Here we train our first version of the GAN.



## Initialize Wave-U-Net

We start by loading the necessary packages

In [None]:
# Import same packages as the train script in Wave-U-Net-Pytorch
import argparse
import os
import time
from functools import partial

import torch 
import pickle
import numpy as np

import torch.nn as nn
from torch.utils.tensorboard import SummaryWriter
from torch.optim import Adam
from tqdm import tqdm

# add a path to Wave-U-Net
import sys
sys.path.append('Wave-U-Net-Pytorch')

import model.utils as model_utils
import utils
from model.waveunet import Waveunet


We define the parameters of the model.

In [2]:
model_config = {
    "num_inputs": 256,               # 128 mel bins per spectrogram, but we have to spectrograms
    "num_outputs": 128,              # Output also has 128 mel bins
    "num_channels": [256*2, 256*4, 256*8],    # Example channel progression
    "instruments": ["vocal"],        # Only output vocal, so no music branch
    "kernel_size": 3,                # Must be odd
    "target_output_size": 256,       # Desired output time frames (post-processing may crop)
    "conv_type": "normal",           # Set to "normal" to meet assertion requirements
    "res": "fixed",                  # Use fixed resampling
    "separate": False,                # Separate branch for vocal
    "depth": 1,                      # Number of conv layers per block
    "strides": 2                   # Down/up-sampling stride
}

Using valid convolutions with 289 inputs and 257 outputs
input_size (length of input): 289
num_inputs (number of channels in the input): 256


Load the model, check how much GPU memory it will use during training, and print a summary of the model.

In [4]:
# summary(generator, input_size=(generator.num_inputs,  generator.input_size))import torch
from torch.optim import Adam
from torch.nn import L1Loss

from torchsummary import summary

# Ensure that you have a CUDA-enabled device
device = torch.device("cuda" if torch.cuda.is_available() else "cpu")

# Instantiate and move the model to GPU
generator = Waveunet(**model_config).to(device)

# Set up a dummy optimizer and loss function
optimizer = Adam(generator.parameters(), lr=1e-3)
loss_fn = L1Loss()

# Define a dummy batch size
batch_size = 256

# Create a dummy input tensor with the required shape
# model.num_inputs corresponds to the number of channels (256 in your config)
# model.input_size is the computed length (353, for instance)
dummy_input = torch.randn(batch_size, generator.num_inputs, generator.input_size, device=device)

# Create a dummy target tensor with the shape that your model outputs.
# For a single output branch (vocal), the output shape should be:
# (batch_size, num_outputs, model.output_size)
# model.num_outputs is 128 and model.output_size is computed (257 in your case)
dummy_target = torch.randn(batch_size, generator.num_outputs, generator.output_size, device=device)

# Reset GPU peak memory stats
torch.cuda.reset_peak_memory_stats(device)

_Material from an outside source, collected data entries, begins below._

(* The 1-generated exact Kleene algebras are, up to isomorphism, exactly $\mathbf F_{\mathsf{KA}}(z)$, $\mathbf K_4$ and $\mathbf 2_{\mathsf{KA}}$, and each of them is projective in $\mathsf{KA}$.
   Context: $\mathsf{KA}$ is the variety of Kleene algebras: algebras $(A,\wedge,\vee,\neg,0,1)$ that are bounded distributive lattices with a unary operation $\neg$ satisfying $\neg\neg x\approx x$, $x\wedge y\approx\neg(\neg x\vee\neg y)$, and $x\wedge\neg x\le y\vee\neg y$. $\mathbf F_{\mathsf{KA}}(z)$ is the free Kleene algebra on one generator $z$; it has six elements $0<z\wedge\neg z< z,\neg z< z\vee\neg z<1$ with $z,\neg z$ incomparable. $\mathbf K_4$ is the four-element Kleene chain $0<\neg x<x<1$ (with $\neg 0=1$, $\neg 1=0$, $\neg x$ and $x$ swapped by $\neg$), and $\mathbf 2_{\mathsf{KA}}$ is the two-element Boolean algebra regarded as a Kleene algebra. An algebra is exact in $\mathsf{KA}$ if it is isomorphic to a finitely generated subalgebra of a finitely generated free Kleene algebra, and projective in $\mathsf{KA}$ iff it is a retract of a free Kleene algebra (there are homomorphisms $i:\mathbf P\to\mathbf F$, $j:\mathbf F\to\mathbf P$ with $j\circ i=\mathrm{id}_{\mathbf P}$). *)

From mathcomp Require Import all_boot.
From Stdlib Require Import List.

Set Implicit Arguments.
Unset Strict Implicit.
Unset Printing Implicit Defensive.

Record KA := {
  ka_car :> Type;
  ka_meet : ka_car -> ka_car -> ka_car;
  ka_join : ka_car -> ka_car -> ka_car;
  ka_neg : ka_car -> ka_car;
  ka_zero : ka_car;
  ka_one : ka_car;
  ka_meetC : forall x y, ka_meet x y = ka_meet y x;
  ka_joinC : forall x y, ka_join x y = ka_join y x;
  ka_meetA : forall x y z, ka_meet x (ka_meet y z) = ka_meet (ka_meet x y) z;
  ka_joinA : forall x y z, ka_join x (ka_join y z) = ka_join (ka_join x y) z;
  ka_meet_absorb : forall x y, ka_meet x (ka_join x y) = x;
  ka_join_absorb : forall x y, ka_join x (ka_meet x y) = x;
  ka_distr : forall x y z,
      ka_meet x (ka_join y z) = ka_join (ka_meet x y) (ka_meet x z);
  ka_join0 : forall x, ka_join x ka_zero = x;
  ka_meet1 : forall x, ka_meet x ka_one = x;
  ka_negK : forall x, ka_neg (ka_neg x) = x;
  ka_deMorgan : forall x y, ka_meet x y = ka_neg (ka_join (ka_neg x) (ka_neg y));
  (* x /\ ~x <= y \/ ~y, with a <= b meaning a /\ b = a *)
  ka_kleene : forall x y,
      ka_meet (ka_meet x (ka_neg x)) (ka_join y (ka_neg y)) = ka_meet x (ka_neg x)
}.

Definition ka_hom (A B : KA) (f : A -> B) : Prop :=
  (forall x y, f (ka_meet x y) = ka_meet (f x) (f y)) /\
  (forall x y, f (ka_join x y) = ka_join (f x) (f y)) /\
  (forall x, f (ka_neg x) = ka_neg (f x)) /\
  f (ka_zero A) = ka_zero B /\
  f (ka_one A) = ka_one B.

Definition ka_iso (A B : KA) : Prop :=
  exists f : A -> B, ka_hom f /\ bijective f.

Definition ka_free_on (X : Type) (F : KA) (g : X -> F) : Prop :=
  forall (B : KA) (h : X -> B),
    exists f : F -> B, ka_hom f /\ (forall x, f (g x) = h x) /\
      (forall f' : F -> B, ka_hom f' -> (forall x, f' (g x) = h x) ->
         forall a, f' a = f a).

Inductive ka_gen (A : KA) (S : A -> Prop) : A -> Prop :=
  | kg_base x : S x -> ka_gen S x
  | kg_meet x y : ka_gen S x -> ka_gen S y -> ka_gen S (ka_meet x y)
  | kg_join x y : ka_gen S x -> ka_gen S y -> ka_gen S (ka_join x y)
  | kg_neg x : ka_gen S x -> ka_gen S (ka_neg x)
  | kg_zero : ka_gen S (ka_zero A)
  | kg_one : ka_gen S (ka_one A).

Definition ka_fin_generated (A : KA) : Prop :=
  exists s : list A, forall a : A, ka_gen (fun x => In x s) a.

Definition ka_one_generated (A : KA) : Prop :=
  exists z : A, forall a : A, ka_gen (fun x => x = z) a.

(** Exact: isomorphic to a finitely generated subalgebra of a finitely
    generated free Kleene algebra; equivalently A is finitely generated and
    embeds (injective homomorphism) into some free KA on finitely many
    generators. *)
Definition ka_exact (A : KA) : Prop :=
  ka_fin_generated A /\
  exists (n : nat) (F : KA) (g : 'I_n -> F),
    ka_free_on g /\ exists e : A -> F, ka_hom e /\ injective e.

Definition ka_projective (P : KA) : Prop :=
  exists (X : Type) (F : KA) (g : X -> F),
    ka_free_on g /\
    exists (i : P -> F) (j : F -> P), ka_hom i /\ ka_hom j /\
      (forall p, j (i p) = p).

Inductive K4_t := K4_0 | K4_nx | K4_x | K4_1.

Definition K4_rank (a : K4_t) : nat :=
  match a with K4_0 => 0 | K4_nx => 1 | K4_x => 2 | K4_1 => 3 end.
Definition K4_meet (a b : K4_t) := if K4_rank a <= K4_rank b then a else b.
Definition K4_join (a b : K4_t) := if K4_rank a <= K4_rank b then b else a.
Definition K4_neg (a : K4_t) :=
  match a with K4_0 => K4_1 | K4_nx => K4_x | K4_x => K4_nx | K4_1 => K4_0 end.

Definition K4 : KA.
Proof.
refine (@Build_KA K4_t K4_meet K4_join K4_neg K4_0 K4_1 _ _ _ _ _ _ _ _ _ _ _ _);
  intros; repeat match goal with x : K4_t |- _ => destruct x end; reflexivity.
Defined.

Definition Two_KA : KA.
Proof.
refine (@Build_KA bool andb orb negb false true _ _ _ _ _ _ _ _ _ _ _ _);
  intros; repeat match goal with x : bool |- _ => destruct x end; reflexivity.
Defined.

(* A one-generated Kleene algebra A = <a> is the image of the six-element free
   algebra F6 under evaluation at a.  Subalgebras of free Kleene algebras have
   a homomorphism onto 2, so negation has no fixed point, and, because a free
   algebra is a retract of itself with a new bottom and top adjoined, their
   only elements with x /\ ~x = 0 are 0 and 1.  Hence either a /\ ~a = 0, so
   a is 0 or 1 and A ≅ 2; or a <= ~a or ~a <= a, and A ≅ K4; or evaluation at
   a identifies none of the lower covering pairs of F6 and is injective, so
   A ≅ F6, the free algebra on one generator.  Conversely K4 (with ~x sent to
   z /\ ~z) and 2 are retracts of F(z), which makes all three exact and
   projective. *)

From mathcomp Require Import all_boot.
From Stdlib Require Import Classical ClassicalEpsilon.

Set Implicit Arguments.
Unset Strict Implicit.
Unset Printing Implicit Defensive.

Section KALattice.
Variable A : KA.
Implicit Types x y w : A.
Local Notation "0" := (ka_zero A).
Local Notation "1" := (ka_one A).

Definition ka_le x y := ka_meet x y = x.

Lemma meetxx x : ka_meet x x = x.
Proof. by rewrite -{2}(ka_join_absorb x x) ka_meet_absorb. Qed.
Lemma joinxx x : ka_join x x = x.
Proof. by rewrite -{2}(ka_meet_absorb x x) ka_join_absorb. Qed.
Lemma meet0x x : ka_meet 0 x = 0.
Proof. by rewrite -{1}(ka_join0 x) ka_joinC ka_meet_absorb. Qed.
Lemma meetx0 x : ka_meet x 0 = 0. Proof. by rewrite ka_meetC meet0x. Qed.
Lemma meet1x x : ka_meet 1 x = x. Proof. by rewrite ka_meetC ka_meet1. Qed.
Lemma join1x x : ka_join 1 x = 1. Proof. by rewrite -{1}(meet1x x) ka_join_absorb. Qed.

Lemma neg_meet x y : ka_neg (ka_meet x y) = ka_join (ka_neg x) (ka_neg y).
Proof. by rewrite ka_deMorgan ka_negK. Qed.
Lemma neg1 : ka_neg 1 = 0.
Proof. by rewrite -(join1x (ka_neg 0)) -{1}(ka_negK 1) -ka_deMorgan meetx0. Qed.
Lemma neg0 : ka_neg 0 = 1. Proof. by rewrite -neg1 ka_negK. Qed.
Lemma neg_meetN x : ka_neg (ka_meet x (ka_neg x)) = ka_join x (ka_neg x).
Proof. by rewrite neg_meet ka_negK ka_joinC. Qed.
Lemma neg_joinN x : ka_neg (ka_join x (ka_neg x)) = ka_meet x (ka_neg x).
Proof. by rewrite -neg_meetN ka_negK. Qed.

Lemma le_refl x : ka_le x x. Proof. exact: meetxx. Qed.
Lemma le0x x : ka_le 0 x. Proof. exact: meet0x. Qed.
Lemma lex1 x : ka_le x 1. Proof. exact: ka_meet1. Qed.
Lemma le_meetl x y : ka_le (ka_meet x y) x.
Proof. by rewrite /ka_le ka_meetC ka_meetA meetxx. Qed.
Lemma le_meetr x y : ka_le (ka_meet x y) y.
Proof. by rewrite /ka_le -ka_meetA meetxx. Qed.
Lemma le_joinl x y : ka_le x (ka_join x y). Proof. exact: ka_meet_absorb. Qed.
Lemma le_joinr x y : ka_le y (ka_join x y).
Proof. by rewrite ka_joinC; apply: le_joinl. Qed.
Lemma le_kleene x : ka_le (ka_meet x (ka_neg x)) (ka_join x (ka_neg x)).
Proof. exact: ka_kleene. Qed.
Lemma le_trans y x w : ka_le x y -> ka_le y w -> ka_le x w.
Proof. by rewrite /ka_le => xy yw; rewrite -xy -{2}yw ka_meetA xy. Qed.

Lemma le_anti x y : ka_le x y -> ka_le y x -> x = y.
Proof. by move=> xy yx; rewrite -xy ka_meetC yx. Qed.

Lemma meet_l x y : ka_le x y -> ka_meet x y = x. Proof. by []. Qed.
Lemma meet_r x y : ka_le y x -> ka_meet x y = y. Proof. by rewrite ka_meetC. Qed.
Lemma join_r x y : ka_le x y -> ka_join x y = y.
Proof. by rewrite /ka_le => <-; rewrite ka_joinC ka_meetC ka_join_absorb. Qed.
Lemma join_l x y : ka_le y x -> ka_join x y = x.
Proof. by rewrite ka_joinC; apply: join_r. Qed.
End KALattice.

Global Hint Resolve le_refl le0x lex1 le_meetl le_meetr le_joinl le_joinr le_kleene : ka_le.

Ltac ka_case :=
  solve [ reflexivity
        | symmetry; first [ apply: ka_meetC | apply: ka_joinC | apply: ka_negK
                          | apply: neg_meetN | apply: neg_joinN | apply: neg0 | apply: neg1
                          | apply: meet_l; solve [auto with ka_le]
                          | apply: meet_r; solve [auto with ka_le]
                          | apply: join_l; solve [auto with ka_le]
                          | apply: join_r; solve [auto with ka_le] ] ].

Ltac hom_by_cases :=
  refine (conj _ (conj _ (conj _ (conj _ _)))); intros;
  repeat match goal with x : ka_car _ |- _ => destruct x end; simpl; ka_case.

Section Homomorphisms.
Variables A B C : KA.

Lemma hom_id : ka_hom (fun x : A => x). Proof. by do !split. Qed.

Lemma hom_comp (f : A -> B) (g : B -> C) :
  ka_hom f -> ka_hom g -> ka_hom (fun x => g (f x)).
Proof.
move=> [fM [fJ [fN [f0 f1]]]] [gM [gJ [gN [g0 g1]]]].
by do !split; move=> *; rewrite ?fM ?fJ ?fN ?f0 ?f1 ?gM ?gJ ?gN ?g0 ?g1.
Qed.

Lemma hom_can (f : A -> B) (g : B -> A) :
  ka_hom f -> cancel f g -> cancel g f -> ka_hom g.
Proof.
move=> [fM [fJ [fN [f0 f1]]]] fK gK; have f_inj := can_inj fK.
by do !split; move=> *; apply: f_inj; rewrite ?fM ?fJ ?fN ?f0 ?f1 ?gK.
Qed.

Lemma hom_const_between (f : A -> B) p q c d : ka_hom f -> f p = f q ->
  ka_le p c -> ka_le c d -> ka_le d q -> f c = f d.
Proof.
move=> [fM _] fpq pc cd dq.
have squeeze r : ka_le p r -> ka_le r q -> f r = f p.
  by move=> pr rq; rewrite -rq fM -fpq -fM ka_meetC pr.
by rewrite (squeeze c pc (le_trans cd dq)) (squeeze d (le_trans pc cd) dq).
Qed.

Lemma hom_injective_le (f : A -> B) : ka_hom f ->
  (forall p q, ka_le p q -> f p = f q -> p = q) -> injective f.
Proof.
move=> hf inj_le p q fpq; have [fM [fJ _]] := hf.
have mMJ : ka_meet p q = ka_join p q.
  apply: inj_le; first exact: le_trans (le_meetl p q) (le_joinl p q).
  by rewrite fM fJ fpq meetxx joinxx.
apply: le_anti.
  by apply: le_trans (le_joinl p q) _; rewrite -mMJ; apply: le_meetr.
by apply: le_trans (le_joinr p q) _; rewrite -mMJ; apply: le_meetl.
Qed.
End Homomorphisms.

Lemma bij_inj_surj (T U : Type) (f : T -> U) :
  injective f -> (forall y, exists x, f x = y) -> bijective f.
Proof.
move=> f_inj f_surj.
pose g y := proj1_sig (constructive_indefinite_description _ (f_surj y)).
have gK : cancel g f by move=> y; rewrite /g; case: constructive_indefinite_description.
by exists g => // x; apply: f_inj; rewrite gK.
Qed.

Lemma iso_sym (A B : KA) : ka_iso A B -> ka_iso B A.
Proof.
move=> [f [hf [g fK gK]]]; exists g; split; first exact: hom_can hf fK gK.
by exists f.
Qed.

Lemma iso_trans (A B C : KA) : ka_iso A B -> ka_iso B C -> ka_iso A C.
Proof.
move=> [f [hf bf]] [g [hg bg]]; exists (fun x => g (f x)).
by split; [exact: hom_comp | exact: bij_comp].
Qed.

Section Generation.
Variables A B : KA.

Lemma gen_sub (S T : A -> Prop) x :
  (forall y, S y -> T y) -> ka_gen S x -> ka_gen T x.
Proof. by move=> ST; elim=> *; [apply: kg_base; apply: ST | constructor ..]. Qed.

Lemma gen_hom (f : A -> B) (a x : A) :
  ka_hom f -> ka_gen (fun y => y = a) x -> ka_gen (fun y => y = f a) (f x).
Proof.
move=> [fM [fJ [fN [f0 f1]]]]; elim=> {x} [x ->| x y _ gx _ gy | x y _ gx _ gy | x _ gx | |].
all: rewrite ?fM ?fJ ?fN ?f0 ?f1; by constructor.
Qed.

Lemma gen_hom_image (f : A -> B) (a : A) y :
  ka_hom f -> ka_gen (fun w => w = f a) y -> exists x, f x = y.
Proof.
move=> [fM [fJ [fN [f0 f1]]]].
elim=> {y} [y ->| _ _ _ [x <-] _ [x' <-] | _ _ _ [x <-] _ [x' <-] | _ _ [x <-] | |].
- by exists a.
- by exists (ka_meet x x').
- by exists (ka_join x x').
- by exists (ka_neg x).
- by exists (ka_zero A).
- by exists (ka_one A).
Qed.

Lemma one_generated_surj (f : A -> B) : ka_hom f -> (forall y, exists x, f x = y) ->
  ka_one_generated A -> ka_one_generated B.
Proof.
move=> hf f_surj [a gen_a]; exists (f a) => y.
by have [x <-] := f_surj y; apply: gen_hom.
Qed.
End Generation.

Lemma iso_of_generator (A B : KA) (f : B -> A) (b : B) : ka_hom f -> injective f ->
  (forall x, ka_gen (fun y => y = f b) x) -> ka_iso A B.
Proof.
move=> hf f_inj gen_fb; apply: iso_sym; exists f; split => //.
by apply: bij_inj_surj => // x; apply: gen_hom_image hf (gen_fb x).
Qed.

Lemma iso_one_generated (A B : KA) :
  ka_iso A B -> ka_one_generated B -> ka_one_generated A.
Proof.
move=> /iso_sym [f [hf [g fK gK]]]; apply: one_generated_surj hf _.
by move=> x; exists (g x).
Qed.

Lemma one_generated_fin_generated (A : KA) : ka_one_generated A -> ka_fin_generated A.
Proof.
move=> [a gen_a]; exists [:: a] => x.
by apply: gen_sub (gen_a x) => y ->; left.
Qed.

# Run a single forward and backward pass
optimizer.zero_grad()
# If separate is False, the model returns a dictionary; pass the correct key.
output = generator(dummy_input)["vocal"]
loss = loss_fn(output, dummy_target)
loss.backward()
optimizer.step()

# Retrieve GPU memory stats
peak_memory = torch.cuda.max_memory_allocated(device)
current_memory = torch.cuda.memory_allocated(device)
print("Peak GPU memory allocated (bytes):", peak_memory)
print("Current GPU memory allocated (bytes):", current_memory)

# Optionally, print a detailed memory summary
print(torch.cuda.memory_summary(device=device))


summary(generator, input_size=(generator.num_inputs,  generator.input_size))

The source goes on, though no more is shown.